[Opening Records supplied section]

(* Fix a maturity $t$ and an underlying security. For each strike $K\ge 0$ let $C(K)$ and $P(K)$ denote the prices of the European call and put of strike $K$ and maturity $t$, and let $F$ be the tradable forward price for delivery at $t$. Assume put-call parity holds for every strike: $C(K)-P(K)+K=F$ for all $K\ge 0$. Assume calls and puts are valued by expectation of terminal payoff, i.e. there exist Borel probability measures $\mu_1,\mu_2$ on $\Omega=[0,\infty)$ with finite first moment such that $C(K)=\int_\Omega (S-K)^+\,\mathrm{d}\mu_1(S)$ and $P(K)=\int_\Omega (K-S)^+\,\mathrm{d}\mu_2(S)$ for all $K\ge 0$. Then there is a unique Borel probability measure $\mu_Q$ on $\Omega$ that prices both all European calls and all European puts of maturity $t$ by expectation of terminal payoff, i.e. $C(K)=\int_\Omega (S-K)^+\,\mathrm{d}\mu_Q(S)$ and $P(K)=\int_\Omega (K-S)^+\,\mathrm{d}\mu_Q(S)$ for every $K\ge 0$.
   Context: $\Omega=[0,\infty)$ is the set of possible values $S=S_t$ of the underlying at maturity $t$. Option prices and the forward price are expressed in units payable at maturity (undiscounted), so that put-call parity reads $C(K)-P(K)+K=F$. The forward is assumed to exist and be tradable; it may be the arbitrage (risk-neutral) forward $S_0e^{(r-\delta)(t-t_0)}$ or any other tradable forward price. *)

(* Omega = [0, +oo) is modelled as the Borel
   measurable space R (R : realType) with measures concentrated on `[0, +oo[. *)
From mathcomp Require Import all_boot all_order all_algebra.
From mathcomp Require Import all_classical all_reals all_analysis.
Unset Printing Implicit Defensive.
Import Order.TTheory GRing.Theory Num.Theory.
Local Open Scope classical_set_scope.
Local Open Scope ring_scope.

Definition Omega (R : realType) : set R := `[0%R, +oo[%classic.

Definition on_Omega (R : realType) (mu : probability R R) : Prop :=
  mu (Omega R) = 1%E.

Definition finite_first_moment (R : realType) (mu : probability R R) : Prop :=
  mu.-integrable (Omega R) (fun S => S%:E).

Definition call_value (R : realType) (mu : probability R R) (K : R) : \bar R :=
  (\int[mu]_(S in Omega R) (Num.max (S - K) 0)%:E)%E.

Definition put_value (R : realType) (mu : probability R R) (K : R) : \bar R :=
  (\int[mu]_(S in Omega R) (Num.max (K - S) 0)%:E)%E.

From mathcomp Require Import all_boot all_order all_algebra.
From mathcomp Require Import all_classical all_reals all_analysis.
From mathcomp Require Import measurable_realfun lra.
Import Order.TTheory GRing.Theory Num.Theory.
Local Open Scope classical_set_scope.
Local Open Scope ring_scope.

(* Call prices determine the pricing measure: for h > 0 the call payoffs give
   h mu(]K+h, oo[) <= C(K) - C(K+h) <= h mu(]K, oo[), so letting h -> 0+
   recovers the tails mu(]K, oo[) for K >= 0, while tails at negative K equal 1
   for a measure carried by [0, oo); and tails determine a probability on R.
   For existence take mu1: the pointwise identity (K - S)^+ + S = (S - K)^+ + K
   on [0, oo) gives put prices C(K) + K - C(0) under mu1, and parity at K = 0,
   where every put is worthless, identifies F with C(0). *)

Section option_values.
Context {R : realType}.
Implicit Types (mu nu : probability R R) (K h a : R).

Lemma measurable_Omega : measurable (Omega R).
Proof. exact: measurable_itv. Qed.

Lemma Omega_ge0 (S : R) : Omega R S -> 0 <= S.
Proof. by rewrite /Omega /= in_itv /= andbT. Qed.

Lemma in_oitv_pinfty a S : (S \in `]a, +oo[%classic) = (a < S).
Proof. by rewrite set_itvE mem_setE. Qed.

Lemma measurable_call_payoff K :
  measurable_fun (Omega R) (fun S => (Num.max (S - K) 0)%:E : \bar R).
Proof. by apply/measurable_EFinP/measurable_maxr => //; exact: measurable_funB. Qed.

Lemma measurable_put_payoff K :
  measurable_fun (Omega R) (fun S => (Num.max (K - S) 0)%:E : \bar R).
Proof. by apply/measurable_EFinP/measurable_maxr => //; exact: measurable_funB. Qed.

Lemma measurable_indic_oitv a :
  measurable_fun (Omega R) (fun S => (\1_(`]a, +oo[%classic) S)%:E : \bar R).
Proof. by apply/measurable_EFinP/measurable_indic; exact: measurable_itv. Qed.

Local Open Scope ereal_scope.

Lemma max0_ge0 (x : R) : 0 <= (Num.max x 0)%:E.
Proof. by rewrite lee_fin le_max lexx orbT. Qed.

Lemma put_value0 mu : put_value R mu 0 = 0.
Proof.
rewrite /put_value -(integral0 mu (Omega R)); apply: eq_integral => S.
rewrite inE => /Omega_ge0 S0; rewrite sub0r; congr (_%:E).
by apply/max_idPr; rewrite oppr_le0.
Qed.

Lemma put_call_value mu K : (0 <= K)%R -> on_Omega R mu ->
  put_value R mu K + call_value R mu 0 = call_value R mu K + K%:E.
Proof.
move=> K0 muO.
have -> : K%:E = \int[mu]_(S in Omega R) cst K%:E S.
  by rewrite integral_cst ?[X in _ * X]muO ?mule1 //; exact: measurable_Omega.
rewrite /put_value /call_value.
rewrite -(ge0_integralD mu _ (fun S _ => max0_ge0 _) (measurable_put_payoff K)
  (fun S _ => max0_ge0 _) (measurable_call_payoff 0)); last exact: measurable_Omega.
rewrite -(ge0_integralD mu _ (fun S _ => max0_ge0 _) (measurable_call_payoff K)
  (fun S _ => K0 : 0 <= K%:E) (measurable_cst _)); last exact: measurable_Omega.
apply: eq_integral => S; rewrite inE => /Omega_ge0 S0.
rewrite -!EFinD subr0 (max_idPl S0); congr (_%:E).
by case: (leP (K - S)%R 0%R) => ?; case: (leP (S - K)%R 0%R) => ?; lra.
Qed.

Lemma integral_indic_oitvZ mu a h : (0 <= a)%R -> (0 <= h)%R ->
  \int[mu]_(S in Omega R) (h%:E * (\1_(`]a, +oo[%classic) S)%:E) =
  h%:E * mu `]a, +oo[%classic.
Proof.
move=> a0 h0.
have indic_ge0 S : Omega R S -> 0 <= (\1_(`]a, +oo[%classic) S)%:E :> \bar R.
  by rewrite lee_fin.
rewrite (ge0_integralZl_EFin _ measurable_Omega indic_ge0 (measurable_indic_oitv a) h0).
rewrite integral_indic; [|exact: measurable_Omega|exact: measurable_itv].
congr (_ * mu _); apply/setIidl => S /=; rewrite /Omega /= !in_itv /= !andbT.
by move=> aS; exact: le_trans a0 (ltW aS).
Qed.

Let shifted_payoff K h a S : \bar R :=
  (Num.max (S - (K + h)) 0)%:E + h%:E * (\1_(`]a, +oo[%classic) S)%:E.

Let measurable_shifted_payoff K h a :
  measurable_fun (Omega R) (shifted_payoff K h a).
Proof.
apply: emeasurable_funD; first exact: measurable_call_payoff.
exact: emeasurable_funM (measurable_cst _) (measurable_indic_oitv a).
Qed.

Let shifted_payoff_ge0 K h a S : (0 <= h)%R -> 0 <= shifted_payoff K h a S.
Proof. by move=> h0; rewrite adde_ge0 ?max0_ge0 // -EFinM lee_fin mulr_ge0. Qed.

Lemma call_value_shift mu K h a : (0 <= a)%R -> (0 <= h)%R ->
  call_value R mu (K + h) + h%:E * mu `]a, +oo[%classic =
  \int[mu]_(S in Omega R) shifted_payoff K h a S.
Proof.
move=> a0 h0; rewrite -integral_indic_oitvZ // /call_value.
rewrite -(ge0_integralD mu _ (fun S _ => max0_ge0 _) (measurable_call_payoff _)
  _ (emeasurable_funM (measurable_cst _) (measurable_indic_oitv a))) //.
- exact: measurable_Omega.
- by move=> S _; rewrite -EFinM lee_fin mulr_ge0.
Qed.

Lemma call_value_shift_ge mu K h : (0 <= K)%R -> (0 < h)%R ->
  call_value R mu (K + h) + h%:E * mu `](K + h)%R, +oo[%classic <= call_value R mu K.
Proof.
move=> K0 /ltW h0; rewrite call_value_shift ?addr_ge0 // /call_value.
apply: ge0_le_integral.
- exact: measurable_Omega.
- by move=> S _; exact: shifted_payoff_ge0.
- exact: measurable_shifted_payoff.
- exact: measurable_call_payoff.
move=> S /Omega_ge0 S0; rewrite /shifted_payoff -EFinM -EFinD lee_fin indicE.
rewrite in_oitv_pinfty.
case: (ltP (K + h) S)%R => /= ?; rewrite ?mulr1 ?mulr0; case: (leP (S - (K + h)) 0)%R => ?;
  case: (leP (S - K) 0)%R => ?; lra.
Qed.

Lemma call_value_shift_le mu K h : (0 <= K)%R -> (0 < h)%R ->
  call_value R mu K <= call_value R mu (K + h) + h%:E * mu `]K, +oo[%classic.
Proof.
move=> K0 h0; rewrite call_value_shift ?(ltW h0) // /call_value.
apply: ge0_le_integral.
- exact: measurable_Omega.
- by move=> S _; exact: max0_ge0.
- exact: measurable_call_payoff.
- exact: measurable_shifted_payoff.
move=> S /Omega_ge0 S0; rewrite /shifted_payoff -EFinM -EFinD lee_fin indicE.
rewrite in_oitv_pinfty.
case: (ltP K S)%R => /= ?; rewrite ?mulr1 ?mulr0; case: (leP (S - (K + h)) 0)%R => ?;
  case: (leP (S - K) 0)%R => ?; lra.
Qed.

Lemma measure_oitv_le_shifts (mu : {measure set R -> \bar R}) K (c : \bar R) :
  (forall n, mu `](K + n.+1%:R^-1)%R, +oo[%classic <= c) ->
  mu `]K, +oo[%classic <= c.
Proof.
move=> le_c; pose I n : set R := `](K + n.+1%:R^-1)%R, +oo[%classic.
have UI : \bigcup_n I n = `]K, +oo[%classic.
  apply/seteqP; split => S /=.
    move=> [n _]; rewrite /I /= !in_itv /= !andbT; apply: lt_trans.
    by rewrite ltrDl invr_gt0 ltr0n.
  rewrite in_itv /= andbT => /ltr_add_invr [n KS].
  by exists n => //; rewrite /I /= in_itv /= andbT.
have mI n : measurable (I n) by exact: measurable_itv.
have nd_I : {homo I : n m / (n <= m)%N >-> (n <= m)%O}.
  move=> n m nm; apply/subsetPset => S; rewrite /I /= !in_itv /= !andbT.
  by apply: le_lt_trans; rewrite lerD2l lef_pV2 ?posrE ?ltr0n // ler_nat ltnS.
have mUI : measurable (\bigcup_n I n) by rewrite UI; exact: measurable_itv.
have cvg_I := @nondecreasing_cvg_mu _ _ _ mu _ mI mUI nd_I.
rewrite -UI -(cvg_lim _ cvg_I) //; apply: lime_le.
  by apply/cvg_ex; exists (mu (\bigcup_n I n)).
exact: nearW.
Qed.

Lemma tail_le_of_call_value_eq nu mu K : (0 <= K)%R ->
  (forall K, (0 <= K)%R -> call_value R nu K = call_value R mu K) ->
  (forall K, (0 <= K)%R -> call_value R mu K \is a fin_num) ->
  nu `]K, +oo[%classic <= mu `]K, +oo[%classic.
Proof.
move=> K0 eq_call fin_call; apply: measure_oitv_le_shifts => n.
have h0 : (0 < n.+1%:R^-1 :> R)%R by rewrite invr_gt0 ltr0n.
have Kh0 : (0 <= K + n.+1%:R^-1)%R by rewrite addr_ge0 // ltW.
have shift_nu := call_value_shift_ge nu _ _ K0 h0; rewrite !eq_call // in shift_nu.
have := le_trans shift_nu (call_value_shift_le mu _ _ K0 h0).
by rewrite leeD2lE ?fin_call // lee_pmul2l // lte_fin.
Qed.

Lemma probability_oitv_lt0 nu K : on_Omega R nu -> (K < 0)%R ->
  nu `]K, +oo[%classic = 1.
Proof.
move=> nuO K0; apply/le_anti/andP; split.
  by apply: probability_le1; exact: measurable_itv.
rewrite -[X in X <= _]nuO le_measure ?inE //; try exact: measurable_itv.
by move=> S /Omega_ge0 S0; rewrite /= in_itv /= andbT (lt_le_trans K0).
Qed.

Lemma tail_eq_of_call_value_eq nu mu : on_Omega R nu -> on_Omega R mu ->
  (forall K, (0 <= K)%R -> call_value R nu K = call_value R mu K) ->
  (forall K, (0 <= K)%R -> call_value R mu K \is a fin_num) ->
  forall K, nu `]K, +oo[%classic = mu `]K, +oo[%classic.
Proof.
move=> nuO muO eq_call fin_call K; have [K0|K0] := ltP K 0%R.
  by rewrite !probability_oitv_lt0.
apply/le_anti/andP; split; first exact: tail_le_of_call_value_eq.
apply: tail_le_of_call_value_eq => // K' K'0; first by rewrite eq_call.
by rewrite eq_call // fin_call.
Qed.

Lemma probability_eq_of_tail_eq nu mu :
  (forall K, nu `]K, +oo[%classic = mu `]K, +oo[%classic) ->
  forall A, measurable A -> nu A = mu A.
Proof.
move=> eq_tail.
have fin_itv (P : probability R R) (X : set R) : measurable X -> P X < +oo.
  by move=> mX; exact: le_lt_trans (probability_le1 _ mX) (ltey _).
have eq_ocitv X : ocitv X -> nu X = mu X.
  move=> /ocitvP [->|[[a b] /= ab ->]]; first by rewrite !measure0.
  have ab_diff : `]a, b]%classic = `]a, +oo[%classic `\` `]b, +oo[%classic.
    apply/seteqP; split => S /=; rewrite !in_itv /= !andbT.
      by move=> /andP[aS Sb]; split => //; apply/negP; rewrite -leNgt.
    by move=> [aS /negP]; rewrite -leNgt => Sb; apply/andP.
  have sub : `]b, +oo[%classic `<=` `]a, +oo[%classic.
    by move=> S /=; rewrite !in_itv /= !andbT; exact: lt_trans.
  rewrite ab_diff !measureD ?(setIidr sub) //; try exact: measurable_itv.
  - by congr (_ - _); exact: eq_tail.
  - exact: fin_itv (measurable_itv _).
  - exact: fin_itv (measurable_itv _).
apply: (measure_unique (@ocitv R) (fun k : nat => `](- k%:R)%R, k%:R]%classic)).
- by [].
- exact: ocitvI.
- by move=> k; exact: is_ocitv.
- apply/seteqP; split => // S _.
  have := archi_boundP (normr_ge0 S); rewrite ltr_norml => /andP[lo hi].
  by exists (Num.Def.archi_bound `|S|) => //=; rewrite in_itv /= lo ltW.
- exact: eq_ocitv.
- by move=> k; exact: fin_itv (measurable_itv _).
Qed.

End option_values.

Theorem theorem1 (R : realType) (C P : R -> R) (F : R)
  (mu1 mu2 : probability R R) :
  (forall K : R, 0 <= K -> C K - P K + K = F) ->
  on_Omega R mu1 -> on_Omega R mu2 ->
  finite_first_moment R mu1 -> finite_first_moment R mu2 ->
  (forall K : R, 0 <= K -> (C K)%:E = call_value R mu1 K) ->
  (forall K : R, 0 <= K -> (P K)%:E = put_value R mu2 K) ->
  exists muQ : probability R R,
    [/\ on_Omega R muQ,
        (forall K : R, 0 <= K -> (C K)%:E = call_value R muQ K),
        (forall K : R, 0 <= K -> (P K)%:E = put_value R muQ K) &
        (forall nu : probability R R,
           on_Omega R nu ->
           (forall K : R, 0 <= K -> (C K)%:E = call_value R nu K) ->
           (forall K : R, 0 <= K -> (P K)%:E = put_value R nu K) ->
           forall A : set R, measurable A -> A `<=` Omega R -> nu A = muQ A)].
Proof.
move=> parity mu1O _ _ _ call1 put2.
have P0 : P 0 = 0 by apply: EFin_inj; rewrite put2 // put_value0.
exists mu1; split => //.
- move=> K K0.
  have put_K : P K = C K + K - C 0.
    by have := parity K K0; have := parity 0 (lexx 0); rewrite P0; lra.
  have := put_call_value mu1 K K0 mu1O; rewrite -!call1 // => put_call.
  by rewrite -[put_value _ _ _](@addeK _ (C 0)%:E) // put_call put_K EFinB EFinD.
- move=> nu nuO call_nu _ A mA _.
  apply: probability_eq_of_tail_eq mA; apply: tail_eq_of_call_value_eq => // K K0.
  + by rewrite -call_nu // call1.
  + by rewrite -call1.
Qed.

[Closing Records supplied section]
[Opening Records supplied section]

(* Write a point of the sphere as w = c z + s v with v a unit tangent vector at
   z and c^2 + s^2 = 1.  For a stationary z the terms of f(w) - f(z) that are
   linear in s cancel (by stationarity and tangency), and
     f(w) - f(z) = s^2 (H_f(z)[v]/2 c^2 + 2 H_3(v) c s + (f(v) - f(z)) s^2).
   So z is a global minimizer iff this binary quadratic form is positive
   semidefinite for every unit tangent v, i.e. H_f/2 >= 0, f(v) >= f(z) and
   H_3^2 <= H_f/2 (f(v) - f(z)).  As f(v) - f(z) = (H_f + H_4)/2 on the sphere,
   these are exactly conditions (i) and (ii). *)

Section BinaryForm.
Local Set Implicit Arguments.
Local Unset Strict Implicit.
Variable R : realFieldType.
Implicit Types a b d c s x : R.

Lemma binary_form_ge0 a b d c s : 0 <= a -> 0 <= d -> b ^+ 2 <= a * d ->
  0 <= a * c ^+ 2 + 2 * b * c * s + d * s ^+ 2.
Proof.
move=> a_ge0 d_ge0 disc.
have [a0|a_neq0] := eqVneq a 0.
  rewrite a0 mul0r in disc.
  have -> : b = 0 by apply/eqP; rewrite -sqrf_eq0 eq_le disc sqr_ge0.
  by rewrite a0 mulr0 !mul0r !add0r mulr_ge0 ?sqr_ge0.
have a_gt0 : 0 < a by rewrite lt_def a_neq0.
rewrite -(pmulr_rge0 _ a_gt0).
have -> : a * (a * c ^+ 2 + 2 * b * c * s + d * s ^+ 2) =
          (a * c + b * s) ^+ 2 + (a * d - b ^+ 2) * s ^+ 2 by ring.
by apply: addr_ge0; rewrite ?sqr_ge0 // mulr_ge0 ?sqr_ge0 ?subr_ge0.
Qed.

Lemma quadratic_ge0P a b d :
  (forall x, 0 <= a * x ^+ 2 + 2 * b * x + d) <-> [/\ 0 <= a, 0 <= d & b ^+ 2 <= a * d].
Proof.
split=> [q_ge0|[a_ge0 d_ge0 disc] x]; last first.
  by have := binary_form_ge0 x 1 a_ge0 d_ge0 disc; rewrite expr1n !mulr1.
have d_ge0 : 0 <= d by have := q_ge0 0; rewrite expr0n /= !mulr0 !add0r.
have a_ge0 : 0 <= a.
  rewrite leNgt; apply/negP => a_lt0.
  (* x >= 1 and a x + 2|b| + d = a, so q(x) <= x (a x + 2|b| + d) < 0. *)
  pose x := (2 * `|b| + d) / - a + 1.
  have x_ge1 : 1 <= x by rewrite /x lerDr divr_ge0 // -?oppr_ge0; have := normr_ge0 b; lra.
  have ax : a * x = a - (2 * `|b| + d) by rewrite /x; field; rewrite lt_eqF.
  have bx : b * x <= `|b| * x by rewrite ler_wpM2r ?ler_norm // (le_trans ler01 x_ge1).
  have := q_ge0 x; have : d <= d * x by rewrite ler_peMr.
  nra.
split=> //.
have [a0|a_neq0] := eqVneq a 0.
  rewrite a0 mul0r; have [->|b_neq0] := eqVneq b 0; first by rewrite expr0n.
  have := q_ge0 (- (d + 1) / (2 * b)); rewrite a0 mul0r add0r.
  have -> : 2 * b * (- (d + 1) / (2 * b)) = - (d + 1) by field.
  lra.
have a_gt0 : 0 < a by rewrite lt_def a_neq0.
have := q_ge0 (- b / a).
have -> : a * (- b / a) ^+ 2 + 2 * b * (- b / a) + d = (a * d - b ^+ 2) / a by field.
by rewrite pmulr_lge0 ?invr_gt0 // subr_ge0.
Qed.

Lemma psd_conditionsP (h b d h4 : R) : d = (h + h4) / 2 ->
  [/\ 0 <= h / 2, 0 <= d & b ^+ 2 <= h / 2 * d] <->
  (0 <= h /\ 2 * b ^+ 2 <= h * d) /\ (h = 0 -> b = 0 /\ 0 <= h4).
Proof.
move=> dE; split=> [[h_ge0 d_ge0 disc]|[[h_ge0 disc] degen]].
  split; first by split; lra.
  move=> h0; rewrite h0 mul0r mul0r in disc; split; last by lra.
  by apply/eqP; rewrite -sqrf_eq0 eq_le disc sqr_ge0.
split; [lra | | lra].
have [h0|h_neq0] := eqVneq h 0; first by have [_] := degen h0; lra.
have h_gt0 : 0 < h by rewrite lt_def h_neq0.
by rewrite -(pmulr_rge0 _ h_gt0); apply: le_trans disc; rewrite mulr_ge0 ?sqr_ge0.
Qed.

[Closing Records supplied section]
[Opening Records supplied section]

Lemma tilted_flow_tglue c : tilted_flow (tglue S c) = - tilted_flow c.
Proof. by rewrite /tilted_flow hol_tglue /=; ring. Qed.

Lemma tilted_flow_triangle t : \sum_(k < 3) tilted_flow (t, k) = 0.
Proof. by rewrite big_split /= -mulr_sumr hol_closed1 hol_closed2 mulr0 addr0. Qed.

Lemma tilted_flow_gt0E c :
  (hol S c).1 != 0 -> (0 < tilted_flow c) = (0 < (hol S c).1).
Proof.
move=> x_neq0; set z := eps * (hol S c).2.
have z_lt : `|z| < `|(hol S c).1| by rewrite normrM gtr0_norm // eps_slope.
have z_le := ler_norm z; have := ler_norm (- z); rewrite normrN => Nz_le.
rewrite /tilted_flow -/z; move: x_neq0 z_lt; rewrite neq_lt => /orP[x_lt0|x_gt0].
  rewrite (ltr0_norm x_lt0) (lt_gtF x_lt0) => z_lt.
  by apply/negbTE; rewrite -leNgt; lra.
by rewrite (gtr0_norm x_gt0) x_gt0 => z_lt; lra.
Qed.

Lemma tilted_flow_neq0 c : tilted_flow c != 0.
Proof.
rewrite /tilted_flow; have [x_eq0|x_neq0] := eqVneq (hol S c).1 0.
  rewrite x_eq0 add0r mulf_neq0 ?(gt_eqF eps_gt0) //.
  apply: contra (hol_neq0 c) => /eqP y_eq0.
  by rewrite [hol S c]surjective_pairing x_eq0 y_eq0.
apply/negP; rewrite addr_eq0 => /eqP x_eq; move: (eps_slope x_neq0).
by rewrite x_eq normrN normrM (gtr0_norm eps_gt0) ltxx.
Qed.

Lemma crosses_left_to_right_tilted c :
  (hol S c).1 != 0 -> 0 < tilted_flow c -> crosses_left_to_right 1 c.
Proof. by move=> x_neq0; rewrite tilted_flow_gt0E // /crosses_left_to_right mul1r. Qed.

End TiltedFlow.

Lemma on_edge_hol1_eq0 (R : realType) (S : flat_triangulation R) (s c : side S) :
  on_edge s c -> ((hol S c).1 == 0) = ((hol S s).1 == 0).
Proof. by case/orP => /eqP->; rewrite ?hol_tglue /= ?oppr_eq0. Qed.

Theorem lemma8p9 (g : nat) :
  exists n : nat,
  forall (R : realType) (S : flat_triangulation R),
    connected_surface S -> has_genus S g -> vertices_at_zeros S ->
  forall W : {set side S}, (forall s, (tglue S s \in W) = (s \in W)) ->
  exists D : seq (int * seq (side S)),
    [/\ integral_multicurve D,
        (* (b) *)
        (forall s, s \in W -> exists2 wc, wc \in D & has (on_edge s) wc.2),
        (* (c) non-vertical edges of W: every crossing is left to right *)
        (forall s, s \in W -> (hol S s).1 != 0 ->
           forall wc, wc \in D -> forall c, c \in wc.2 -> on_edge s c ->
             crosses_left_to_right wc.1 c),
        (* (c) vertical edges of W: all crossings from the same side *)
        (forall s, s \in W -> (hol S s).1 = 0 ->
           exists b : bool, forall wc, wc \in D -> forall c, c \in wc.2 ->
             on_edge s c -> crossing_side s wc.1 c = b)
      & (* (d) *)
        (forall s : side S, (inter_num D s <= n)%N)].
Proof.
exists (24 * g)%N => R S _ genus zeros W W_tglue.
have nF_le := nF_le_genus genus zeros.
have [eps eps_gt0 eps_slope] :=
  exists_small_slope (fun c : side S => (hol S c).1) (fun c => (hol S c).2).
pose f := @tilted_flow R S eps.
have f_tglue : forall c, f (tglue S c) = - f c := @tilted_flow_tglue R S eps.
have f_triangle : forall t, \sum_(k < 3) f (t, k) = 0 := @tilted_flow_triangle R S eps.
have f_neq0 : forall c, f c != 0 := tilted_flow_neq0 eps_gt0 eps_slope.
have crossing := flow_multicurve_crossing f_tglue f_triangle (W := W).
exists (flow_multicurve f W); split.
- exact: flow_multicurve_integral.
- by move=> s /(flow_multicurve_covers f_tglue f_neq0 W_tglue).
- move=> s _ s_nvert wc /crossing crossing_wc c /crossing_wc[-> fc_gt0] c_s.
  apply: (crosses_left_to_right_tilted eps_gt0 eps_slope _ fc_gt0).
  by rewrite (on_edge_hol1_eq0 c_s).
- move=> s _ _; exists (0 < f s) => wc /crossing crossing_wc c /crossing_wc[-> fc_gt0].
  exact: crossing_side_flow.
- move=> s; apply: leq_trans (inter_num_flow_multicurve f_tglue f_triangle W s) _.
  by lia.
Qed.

[Closing Records supplied section]

* What this task involves: From the data above, return every line from the line that has "by rewrite lee_fin." up to and including the line that has "Let shifted_payoff K", exactly.

* Solution to the exercise:
  by rewrite lee_fin.
rewrite (ge0_integralZl_EFin _ measurable_Omega indic_ge0 (measurable_indic_oitv a) h0).
rewrite integral_indic; [|exact: measurable_Omega|exact: measurable_itv].
congr (_ * mu _); apply/setIidl => S /=; rewrite /Omega /= !in_itv /= !andbT.
by move=> aS; exact: le_trans a0 (ltW aS).
Qed.

Let shifted_payoff K h a S : \bar R :=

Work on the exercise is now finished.